▶ TASK INSTRUCTIONS:
In the entries below, find the line with "Lemma pin_at_point (p" and print exactly every line from there up to and including the line with "(Hpq x); lra.", with no other lines.

[Dataset entries]
++++++
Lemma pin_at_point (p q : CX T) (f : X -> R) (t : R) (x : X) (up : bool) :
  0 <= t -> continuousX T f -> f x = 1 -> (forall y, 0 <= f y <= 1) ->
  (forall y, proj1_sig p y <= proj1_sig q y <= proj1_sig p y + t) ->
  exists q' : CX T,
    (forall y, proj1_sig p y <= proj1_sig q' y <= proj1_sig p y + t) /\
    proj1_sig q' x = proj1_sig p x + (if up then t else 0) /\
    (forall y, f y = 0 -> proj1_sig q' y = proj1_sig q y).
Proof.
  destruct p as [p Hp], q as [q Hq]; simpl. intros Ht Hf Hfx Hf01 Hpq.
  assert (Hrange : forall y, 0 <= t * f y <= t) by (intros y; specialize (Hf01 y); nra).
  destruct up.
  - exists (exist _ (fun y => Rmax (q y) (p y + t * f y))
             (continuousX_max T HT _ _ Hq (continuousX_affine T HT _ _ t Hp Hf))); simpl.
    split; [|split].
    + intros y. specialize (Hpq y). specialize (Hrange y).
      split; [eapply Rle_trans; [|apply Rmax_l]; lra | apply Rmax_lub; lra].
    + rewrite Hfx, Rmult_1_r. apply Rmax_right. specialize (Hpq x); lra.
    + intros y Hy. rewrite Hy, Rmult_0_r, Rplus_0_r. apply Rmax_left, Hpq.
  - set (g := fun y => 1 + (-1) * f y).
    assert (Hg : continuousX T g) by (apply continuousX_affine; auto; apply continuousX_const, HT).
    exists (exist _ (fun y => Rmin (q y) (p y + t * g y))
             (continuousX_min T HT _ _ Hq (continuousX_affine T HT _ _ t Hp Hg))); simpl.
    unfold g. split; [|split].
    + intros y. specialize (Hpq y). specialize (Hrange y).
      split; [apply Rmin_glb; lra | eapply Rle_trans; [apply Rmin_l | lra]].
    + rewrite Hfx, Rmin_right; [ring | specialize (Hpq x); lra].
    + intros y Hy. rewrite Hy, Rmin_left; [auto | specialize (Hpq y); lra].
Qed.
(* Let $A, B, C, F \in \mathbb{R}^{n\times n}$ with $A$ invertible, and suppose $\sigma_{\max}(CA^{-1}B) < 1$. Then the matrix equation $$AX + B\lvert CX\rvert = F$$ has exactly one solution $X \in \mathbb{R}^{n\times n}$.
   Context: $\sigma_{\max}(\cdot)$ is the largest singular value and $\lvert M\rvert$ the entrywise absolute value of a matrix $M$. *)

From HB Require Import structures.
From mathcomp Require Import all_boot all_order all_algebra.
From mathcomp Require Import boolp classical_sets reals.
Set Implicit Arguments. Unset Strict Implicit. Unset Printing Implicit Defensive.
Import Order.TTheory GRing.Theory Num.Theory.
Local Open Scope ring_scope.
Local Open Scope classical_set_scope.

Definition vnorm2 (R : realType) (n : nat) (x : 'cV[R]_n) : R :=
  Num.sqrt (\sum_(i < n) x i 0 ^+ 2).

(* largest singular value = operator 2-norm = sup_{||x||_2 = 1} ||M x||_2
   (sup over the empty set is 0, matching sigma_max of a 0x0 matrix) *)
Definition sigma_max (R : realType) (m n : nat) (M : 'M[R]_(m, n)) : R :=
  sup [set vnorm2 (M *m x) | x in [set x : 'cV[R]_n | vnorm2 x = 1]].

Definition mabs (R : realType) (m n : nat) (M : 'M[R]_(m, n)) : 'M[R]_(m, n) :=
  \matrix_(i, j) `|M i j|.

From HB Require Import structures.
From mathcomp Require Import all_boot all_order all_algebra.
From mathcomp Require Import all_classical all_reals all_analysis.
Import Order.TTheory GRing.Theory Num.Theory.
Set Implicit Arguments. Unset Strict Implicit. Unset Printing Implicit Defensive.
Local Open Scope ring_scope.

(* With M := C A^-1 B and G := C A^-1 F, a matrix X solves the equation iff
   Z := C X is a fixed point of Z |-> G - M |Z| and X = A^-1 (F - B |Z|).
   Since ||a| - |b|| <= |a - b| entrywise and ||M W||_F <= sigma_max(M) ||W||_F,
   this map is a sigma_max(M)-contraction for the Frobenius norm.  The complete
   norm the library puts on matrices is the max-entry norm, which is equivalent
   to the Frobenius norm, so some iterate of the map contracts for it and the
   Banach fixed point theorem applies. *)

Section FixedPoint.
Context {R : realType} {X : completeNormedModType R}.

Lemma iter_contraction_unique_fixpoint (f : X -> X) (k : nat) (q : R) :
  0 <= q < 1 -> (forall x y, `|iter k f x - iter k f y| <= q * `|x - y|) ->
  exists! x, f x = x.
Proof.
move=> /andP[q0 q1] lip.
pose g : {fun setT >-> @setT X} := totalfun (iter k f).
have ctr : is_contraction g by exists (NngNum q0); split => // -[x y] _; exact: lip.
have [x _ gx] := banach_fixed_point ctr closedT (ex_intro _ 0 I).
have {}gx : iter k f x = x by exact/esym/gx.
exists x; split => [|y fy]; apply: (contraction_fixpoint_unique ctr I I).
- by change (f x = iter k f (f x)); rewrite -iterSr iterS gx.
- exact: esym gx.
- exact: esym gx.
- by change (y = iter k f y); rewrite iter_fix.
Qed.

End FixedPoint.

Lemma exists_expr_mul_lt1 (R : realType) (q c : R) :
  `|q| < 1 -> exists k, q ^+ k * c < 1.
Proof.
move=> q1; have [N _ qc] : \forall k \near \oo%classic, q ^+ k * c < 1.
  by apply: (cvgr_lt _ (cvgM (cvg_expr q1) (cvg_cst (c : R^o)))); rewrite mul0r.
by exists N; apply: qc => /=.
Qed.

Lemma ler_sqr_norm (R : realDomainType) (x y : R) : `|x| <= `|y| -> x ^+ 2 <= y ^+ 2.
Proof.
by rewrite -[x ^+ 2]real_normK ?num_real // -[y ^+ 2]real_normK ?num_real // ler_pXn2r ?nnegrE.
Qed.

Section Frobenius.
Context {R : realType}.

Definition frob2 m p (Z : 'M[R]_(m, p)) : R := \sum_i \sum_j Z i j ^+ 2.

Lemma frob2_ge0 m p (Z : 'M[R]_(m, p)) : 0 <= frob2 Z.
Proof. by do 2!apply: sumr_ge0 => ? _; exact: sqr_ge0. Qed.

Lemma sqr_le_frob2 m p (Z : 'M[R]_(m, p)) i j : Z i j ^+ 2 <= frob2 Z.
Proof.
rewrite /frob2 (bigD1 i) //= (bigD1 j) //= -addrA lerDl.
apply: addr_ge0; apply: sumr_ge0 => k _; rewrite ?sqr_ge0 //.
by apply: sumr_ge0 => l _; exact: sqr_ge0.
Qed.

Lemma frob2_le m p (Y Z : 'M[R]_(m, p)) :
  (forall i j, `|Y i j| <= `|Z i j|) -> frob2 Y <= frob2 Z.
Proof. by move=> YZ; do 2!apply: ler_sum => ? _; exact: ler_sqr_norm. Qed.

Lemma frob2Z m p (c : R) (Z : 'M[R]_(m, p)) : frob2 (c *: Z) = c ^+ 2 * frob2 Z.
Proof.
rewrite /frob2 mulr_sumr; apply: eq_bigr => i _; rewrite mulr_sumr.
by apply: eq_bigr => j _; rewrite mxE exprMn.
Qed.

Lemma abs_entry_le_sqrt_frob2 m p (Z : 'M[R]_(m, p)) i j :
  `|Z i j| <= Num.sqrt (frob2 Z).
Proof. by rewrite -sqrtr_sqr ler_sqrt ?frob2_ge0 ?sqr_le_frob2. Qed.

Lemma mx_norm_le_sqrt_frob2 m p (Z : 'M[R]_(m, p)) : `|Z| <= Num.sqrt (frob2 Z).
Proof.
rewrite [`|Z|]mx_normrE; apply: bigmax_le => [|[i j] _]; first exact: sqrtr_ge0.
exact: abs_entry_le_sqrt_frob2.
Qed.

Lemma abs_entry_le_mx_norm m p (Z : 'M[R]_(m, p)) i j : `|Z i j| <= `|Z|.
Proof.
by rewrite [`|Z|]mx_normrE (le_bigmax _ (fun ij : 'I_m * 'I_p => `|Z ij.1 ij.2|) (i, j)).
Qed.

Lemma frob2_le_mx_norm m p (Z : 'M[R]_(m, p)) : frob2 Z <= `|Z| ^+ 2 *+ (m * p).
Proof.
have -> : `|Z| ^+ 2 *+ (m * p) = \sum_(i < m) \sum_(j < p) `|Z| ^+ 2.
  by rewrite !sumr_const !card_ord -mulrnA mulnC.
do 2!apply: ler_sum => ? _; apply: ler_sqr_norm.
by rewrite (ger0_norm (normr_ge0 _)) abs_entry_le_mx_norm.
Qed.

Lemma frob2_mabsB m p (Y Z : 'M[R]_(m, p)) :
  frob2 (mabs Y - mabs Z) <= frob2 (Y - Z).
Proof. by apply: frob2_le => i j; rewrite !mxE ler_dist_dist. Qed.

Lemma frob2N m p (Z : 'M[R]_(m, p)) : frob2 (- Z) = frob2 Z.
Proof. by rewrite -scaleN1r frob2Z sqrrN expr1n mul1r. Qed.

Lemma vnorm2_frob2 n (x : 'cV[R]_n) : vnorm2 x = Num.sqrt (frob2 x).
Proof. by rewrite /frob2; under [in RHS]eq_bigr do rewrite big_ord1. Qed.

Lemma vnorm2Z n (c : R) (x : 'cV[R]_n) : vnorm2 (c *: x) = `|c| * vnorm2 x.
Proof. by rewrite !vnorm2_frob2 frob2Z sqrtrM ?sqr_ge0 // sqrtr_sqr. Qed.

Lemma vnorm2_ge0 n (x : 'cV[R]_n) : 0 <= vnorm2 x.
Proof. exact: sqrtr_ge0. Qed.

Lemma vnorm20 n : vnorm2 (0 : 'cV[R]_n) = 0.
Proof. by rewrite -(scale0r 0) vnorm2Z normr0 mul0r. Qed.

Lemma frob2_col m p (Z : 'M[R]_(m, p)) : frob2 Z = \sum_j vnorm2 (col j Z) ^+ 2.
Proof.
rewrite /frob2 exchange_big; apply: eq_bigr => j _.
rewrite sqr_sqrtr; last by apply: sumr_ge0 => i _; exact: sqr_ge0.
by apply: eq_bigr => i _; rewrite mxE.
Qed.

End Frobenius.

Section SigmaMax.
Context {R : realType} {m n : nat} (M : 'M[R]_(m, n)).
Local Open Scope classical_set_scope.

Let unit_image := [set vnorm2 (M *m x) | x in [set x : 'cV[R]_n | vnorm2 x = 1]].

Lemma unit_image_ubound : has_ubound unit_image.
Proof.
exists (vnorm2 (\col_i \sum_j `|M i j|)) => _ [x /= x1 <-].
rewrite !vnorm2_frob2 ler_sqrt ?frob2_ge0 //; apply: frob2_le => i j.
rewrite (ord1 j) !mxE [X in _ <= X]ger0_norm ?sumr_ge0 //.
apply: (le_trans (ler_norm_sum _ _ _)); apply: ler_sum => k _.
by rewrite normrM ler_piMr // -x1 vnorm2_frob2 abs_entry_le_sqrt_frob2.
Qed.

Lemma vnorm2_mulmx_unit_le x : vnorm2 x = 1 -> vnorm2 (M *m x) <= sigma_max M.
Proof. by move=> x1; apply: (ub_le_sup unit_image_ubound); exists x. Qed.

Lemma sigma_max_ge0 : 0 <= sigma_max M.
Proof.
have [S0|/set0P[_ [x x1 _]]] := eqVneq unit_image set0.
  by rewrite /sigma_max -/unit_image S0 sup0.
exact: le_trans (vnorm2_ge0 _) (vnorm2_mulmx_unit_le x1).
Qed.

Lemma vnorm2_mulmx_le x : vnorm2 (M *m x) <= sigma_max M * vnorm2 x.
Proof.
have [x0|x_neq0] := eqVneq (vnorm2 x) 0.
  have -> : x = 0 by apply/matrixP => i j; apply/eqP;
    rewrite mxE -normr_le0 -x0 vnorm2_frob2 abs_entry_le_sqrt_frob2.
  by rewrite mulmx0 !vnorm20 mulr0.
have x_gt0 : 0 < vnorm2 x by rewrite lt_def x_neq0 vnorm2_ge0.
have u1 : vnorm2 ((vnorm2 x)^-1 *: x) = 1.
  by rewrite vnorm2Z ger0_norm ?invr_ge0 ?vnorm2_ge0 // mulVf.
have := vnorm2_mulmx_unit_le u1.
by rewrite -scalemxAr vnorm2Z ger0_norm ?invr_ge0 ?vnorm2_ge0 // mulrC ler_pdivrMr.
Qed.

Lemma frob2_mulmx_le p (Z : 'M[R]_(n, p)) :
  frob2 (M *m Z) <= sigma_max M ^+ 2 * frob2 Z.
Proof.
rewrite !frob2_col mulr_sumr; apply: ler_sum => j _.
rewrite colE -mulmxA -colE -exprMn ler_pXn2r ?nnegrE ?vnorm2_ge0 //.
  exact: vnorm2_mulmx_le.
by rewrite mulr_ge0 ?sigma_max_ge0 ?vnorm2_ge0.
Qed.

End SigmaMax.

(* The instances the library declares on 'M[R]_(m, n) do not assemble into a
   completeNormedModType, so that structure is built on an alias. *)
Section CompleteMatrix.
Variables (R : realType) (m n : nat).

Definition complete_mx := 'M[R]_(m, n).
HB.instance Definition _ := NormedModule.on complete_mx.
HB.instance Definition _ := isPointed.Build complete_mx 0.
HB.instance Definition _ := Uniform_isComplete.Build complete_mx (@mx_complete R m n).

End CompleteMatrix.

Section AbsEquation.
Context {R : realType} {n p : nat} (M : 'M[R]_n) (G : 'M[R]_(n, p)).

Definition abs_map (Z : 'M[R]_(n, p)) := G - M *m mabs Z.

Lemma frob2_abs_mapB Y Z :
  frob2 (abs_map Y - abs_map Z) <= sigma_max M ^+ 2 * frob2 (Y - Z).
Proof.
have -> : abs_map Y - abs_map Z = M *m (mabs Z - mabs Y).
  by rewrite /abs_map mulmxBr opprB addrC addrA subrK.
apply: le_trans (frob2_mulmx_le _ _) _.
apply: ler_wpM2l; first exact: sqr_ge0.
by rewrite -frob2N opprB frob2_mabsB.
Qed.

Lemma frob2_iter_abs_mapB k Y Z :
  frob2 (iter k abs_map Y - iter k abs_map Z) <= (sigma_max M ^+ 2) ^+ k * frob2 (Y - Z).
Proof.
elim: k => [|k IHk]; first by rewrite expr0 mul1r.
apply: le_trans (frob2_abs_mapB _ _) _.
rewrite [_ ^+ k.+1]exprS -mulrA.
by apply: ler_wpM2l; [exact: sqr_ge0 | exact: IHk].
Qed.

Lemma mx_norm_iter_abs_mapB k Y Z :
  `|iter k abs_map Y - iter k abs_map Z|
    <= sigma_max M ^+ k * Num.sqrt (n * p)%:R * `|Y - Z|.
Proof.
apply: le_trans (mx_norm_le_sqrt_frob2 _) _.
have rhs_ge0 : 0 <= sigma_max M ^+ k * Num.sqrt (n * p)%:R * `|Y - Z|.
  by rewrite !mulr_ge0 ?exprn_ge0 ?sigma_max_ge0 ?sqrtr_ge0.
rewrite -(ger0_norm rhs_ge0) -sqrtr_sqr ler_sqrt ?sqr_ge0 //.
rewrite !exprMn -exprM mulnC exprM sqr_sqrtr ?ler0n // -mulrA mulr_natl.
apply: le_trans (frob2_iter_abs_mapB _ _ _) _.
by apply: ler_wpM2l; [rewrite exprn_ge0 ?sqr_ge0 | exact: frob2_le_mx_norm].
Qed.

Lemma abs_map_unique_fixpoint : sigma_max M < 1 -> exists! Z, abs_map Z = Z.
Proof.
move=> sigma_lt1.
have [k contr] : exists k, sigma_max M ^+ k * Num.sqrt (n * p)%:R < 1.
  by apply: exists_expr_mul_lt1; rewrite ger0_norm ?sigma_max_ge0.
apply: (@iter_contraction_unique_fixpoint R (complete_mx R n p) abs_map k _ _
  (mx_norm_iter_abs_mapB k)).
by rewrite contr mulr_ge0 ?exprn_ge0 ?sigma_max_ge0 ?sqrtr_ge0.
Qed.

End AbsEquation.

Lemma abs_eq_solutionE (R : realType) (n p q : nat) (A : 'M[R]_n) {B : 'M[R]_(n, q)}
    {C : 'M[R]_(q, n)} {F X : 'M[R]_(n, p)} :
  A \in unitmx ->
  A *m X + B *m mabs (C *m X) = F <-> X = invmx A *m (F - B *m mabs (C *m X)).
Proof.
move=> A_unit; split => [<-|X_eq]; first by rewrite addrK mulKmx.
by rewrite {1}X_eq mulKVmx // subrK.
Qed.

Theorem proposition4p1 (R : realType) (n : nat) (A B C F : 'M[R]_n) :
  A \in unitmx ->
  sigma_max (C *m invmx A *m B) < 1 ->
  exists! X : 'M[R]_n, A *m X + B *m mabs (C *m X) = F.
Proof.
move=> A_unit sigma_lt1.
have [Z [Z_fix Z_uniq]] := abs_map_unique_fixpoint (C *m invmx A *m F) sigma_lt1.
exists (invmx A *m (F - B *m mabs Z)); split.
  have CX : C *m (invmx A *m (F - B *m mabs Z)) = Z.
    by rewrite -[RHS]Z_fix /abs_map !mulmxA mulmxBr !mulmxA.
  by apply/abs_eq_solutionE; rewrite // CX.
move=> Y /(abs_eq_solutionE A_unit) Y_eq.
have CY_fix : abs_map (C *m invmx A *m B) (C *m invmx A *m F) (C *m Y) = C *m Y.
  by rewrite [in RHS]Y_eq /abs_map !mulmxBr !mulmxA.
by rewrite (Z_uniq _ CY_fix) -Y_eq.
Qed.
++++++
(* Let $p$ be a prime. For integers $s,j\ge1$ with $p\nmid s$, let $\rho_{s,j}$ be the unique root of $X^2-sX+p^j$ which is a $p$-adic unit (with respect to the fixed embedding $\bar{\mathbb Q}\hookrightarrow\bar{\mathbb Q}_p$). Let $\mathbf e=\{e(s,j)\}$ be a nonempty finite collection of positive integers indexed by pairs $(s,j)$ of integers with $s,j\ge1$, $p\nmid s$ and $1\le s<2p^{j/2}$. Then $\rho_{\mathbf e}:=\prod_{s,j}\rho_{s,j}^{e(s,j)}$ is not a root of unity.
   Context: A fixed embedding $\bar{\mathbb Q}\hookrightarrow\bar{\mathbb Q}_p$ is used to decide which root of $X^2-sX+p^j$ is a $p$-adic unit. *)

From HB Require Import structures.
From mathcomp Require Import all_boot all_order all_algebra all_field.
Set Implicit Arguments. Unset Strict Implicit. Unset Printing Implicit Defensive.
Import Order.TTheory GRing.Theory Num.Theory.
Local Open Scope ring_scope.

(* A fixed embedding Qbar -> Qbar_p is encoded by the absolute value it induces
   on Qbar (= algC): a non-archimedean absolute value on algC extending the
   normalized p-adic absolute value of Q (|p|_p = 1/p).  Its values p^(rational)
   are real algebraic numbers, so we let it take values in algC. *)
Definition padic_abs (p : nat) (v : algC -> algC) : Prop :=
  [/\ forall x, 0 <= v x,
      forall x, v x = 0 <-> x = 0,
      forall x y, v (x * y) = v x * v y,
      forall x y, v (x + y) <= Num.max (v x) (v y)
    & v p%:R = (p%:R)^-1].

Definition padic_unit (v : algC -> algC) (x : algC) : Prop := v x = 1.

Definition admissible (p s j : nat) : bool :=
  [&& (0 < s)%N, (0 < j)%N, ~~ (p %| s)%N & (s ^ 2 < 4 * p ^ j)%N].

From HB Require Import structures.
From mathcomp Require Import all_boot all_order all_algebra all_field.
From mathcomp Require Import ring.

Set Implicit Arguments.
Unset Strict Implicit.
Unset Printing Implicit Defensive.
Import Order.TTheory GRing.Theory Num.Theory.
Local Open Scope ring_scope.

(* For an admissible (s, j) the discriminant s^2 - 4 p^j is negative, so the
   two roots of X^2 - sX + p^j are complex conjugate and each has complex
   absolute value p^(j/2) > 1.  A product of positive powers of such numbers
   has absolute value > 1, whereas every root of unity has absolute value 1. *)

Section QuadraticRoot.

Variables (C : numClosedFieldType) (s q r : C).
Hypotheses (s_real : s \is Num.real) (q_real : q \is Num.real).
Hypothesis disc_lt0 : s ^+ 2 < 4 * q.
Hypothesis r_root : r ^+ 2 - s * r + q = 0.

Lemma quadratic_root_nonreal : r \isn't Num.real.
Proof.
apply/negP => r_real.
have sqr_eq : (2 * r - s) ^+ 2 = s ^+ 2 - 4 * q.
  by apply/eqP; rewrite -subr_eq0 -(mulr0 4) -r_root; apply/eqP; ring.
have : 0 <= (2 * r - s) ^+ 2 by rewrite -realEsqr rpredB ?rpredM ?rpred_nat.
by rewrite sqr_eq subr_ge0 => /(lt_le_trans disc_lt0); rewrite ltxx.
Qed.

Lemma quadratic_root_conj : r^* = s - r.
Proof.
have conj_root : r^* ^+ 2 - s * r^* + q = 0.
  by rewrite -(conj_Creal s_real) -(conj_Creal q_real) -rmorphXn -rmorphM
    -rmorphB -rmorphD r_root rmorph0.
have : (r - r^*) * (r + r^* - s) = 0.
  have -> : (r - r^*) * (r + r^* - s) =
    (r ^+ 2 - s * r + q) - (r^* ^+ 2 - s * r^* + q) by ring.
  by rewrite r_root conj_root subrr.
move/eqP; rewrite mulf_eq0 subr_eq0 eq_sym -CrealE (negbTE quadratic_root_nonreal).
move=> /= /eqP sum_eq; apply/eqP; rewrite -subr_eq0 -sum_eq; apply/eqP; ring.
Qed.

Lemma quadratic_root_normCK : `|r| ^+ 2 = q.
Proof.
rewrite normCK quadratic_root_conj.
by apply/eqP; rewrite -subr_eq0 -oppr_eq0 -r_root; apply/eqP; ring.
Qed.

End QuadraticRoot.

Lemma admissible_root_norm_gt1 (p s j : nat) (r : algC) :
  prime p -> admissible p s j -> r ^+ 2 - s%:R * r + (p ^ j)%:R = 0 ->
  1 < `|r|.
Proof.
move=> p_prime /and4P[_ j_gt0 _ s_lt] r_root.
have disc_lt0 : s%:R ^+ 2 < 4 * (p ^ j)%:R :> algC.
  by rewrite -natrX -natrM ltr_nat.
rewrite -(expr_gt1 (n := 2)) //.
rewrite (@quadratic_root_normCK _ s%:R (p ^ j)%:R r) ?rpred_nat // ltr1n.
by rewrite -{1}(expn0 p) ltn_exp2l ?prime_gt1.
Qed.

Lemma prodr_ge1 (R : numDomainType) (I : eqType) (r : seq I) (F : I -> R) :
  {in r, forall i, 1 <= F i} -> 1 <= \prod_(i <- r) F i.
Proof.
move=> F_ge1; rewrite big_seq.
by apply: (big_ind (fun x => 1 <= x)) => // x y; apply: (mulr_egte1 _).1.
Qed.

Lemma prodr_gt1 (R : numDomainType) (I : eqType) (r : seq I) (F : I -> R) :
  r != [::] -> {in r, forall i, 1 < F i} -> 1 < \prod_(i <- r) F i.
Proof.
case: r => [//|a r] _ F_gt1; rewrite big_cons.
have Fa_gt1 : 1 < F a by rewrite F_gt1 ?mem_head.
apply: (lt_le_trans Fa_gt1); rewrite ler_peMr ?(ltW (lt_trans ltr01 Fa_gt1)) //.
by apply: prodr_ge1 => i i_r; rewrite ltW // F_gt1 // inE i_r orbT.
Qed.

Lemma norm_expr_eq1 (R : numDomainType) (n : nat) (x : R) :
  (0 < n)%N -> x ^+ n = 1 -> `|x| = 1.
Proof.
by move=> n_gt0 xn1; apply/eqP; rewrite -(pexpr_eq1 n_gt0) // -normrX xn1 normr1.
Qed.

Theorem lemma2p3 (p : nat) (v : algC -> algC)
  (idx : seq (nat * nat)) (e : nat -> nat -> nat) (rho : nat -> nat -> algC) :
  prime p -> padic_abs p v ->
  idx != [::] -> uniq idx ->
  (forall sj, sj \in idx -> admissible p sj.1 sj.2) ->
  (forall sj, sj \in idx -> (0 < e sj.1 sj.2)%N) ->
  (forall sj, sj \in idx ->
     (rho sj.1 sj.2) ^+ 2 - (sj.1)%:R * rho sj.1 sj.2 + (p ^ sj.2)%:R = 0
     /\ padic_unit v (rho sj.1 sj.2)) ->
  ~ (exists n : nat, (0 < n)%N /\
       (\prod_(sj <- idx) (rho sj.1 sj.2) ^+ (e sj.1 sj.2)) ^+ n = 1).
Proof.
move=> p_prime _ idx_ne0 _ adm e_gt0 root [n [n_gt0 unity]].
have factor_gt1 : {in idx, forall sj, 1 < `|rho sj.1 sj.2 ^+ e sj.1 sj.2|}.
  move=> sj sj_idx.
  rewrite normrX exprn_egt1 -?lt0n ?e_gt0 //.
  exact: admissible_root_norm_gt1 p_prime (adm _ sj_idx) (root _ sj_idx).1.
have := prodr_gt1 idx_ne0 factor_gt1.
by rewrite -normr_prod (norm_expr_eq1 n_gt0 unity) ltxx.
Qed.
++++++
▶ OUTPUT BELOW:
Lemma pin_at_point (p q : CX T) (f : X -> R) (t : R) (x : X) (up : bool) :
  0 <= t -> continuousX T f -> f x = 1 -> (forall y, 0 <= f y <= 1) ->
  (forall y, proj1_sig p y <= proj1_sig q y <= proj1_sig p y + t) ->
  exists q' : CX T,
    (forall y, proj1_sig p y <= proj1_sig q' y <= proj1_sig p y + t) /\
    proj1_sig q' x = proj1_sig p x + (if up then t else 0) /\
    (forall y, f y = 0 -> proj1_sig q' y = proj1_sig q y).
Proof.
  destruct p as [p Hp], q as [q Hq]; simpl. intros Ht Hf Hfx Hf01 Hpq.
  assert (Hrange : forall y, 0 <= t * f y <= t) by (intros y; specialize (Hf01 y); nra).
  destruct up.
  - exists (exist _ (fun y => Rmax (q y) (p y + t * f y))
             (continuousX_max T HT _ _ Hq (continuousX_affine T HT _ _ t Hp Hf))); simpl.
    split; [|split].
    + intros y. specialize (Hpq y). specialize (Hrange y).
      split; [eapply Rle_trans; [|apply Rmax_l]; lra | apply Rmax_lub; lra].
    + rewrite Hfx, Rmult_1_r. apply Rmax_right. specialize (Hpq x); lra.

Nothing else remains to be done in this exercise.